Lemma grEq_decomp_uniq e e' m m' : is_vmod le e -> is_vmod le e' -> E0 e -> E0 e' ->
  grEq le (vadd e (vscale m S)) (vadd e' (vscale m' S)) -> m = m' /\ grEq le e e'.
Proof.
move=> mode mode' E0e E0e' h.
have rkee' i j : (i <= j)%N -> (j <= n)%N ->
    rk e i j + m * (i == j : int) = rk e' i j + m' * (i == j : int).
  by move=> ij jn; rewrite -!rk_addS //; exact: grEq_rk.
have mm' : m = m'.
  have := rkee' 0%N 0%N isT isT; have := rkee' 0%N 1%N isT (ltnW n_ge2).
  by rewrite (E0_rk_diag E0e) (E0_rk_diag E0e') /= => h01 h00; lia.
split => //; subst m'; apply: grEq_of_rk_eq => // i j ij jn.
exact: addIr (rkee' i j ij jn).
Qed.

End Classes.

Theorem proposition5p2 (k : fieldType) (n : nat) (hn : (2 <= n)%N) :
  let J := cls (Jmod k n 0 n) in
  let S := cls (Smod k n) in
  let T := Tcls k n in
  let eqv := grEq (@leN n) in
  [/\ G0 J, G0 S, G0 T,
      (forall a b c : int,
          eqv (vadd (vscale a J) (vadd (vscale b S) (vscale c T))) (vzero _ _) ->
          [/\ a = 0, b = 0 & c = 0]) &
      (forall x : vmod 'I_n.+1 k, is_vmod (@leN n) x -> G0 x ->
          exists a b c : int,
            eqv x (vadd (vscale a J) (vadd (vscale b S) (vscale c T))))]
  /\
  [/\ E0 J, E0 T,
      (forall a c : int,
          eqv (vadd (vscale a J) (vscale c T)) (vzero _ _) -> a = 0 /\ c = 0) &
      (forall x : vmod 'I_n.+1 k, is_vmod (@leN n) x -> E0 x ->
          exists a c : int, eqv x (vadd (vscale a J) (vscale c T)))]
  /\
  [/\ (forall x : vmod 'I_n.+1 k, is_vmod (@leN n) x -> E0 x -> G0 x),
      (forall x : vmod 'I_n.+1 k, is_vmod (@leN n) x -> G0 x ->
          exists (e : vmod 'I_n.+1 k) (m : int),
            [/\ is_vmod (@leN n) e, E0 e & eqv x (vadd e (vscale m S))]) &
      (forall (e e' : vmod 'I_n.+1 k) (m m' : int),
          is_vmod (@leN n) e -> is_vmod (@leN n) e' -> E0 e -> E0 e' ->
          eqv (vadd e (vscale m S)) (vadd e' (vscale m' S)) ->
          m = m' /\ eqv e e')].
Proof.
move=> J S T eqv; split; [split | split; split].
- exact/E0_G0/E0_J.
- exact: G0_S.
- exact/E0_G0/E0_T.
- exact: combG_eq0.
- by move=> x modx G0x; do 3 eexists; exact: G0_grEq_combG.
- exact: E0_J.
- exact: E0_T.
- exact: combE_eq0.
- by move=> x modx E0x; do 2 eexists; exact: E0_grEq_combE.
- by move=> x _; exact: E0_G0.
- move=> x modx G0x; do 2 eexists; split; last exact: G0_grEq_decomp.
  + exact: is_vmod_combE.
  + exact: E0_combE.
- exact: grEq_decomp_uniq.
Qed.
---
### Directions for this task
Using the data above, return every line that contains the string "vscale".

### Response area
  grEq le (vadd e (vscale m S)) (vadd e' (vscale m' S)) -> m = m' /\ grEq le e e'.
          eqv (vadd (vscale a J) (vadd (vscale b S) (vscale c T))) (vzero _ _) ->
            eqv x (vadd (vscale a J) (vadd (vscale b S) (vscale c T))))]
          eqv (vadd (vscale a J) (vscale c T)) (vzero _ _) -> a = 0 /\ c = 0) &
          exists a c : int, eqv x (vadd (vscale a J) (vscale c T)))]
            [/\ is_vmod (@leN n) e, E0 e & eqv x (vadd e (vscale m S))]) &
          eqv (vadd e (vscale m S)) (vadd e' (vscale m' S)) ->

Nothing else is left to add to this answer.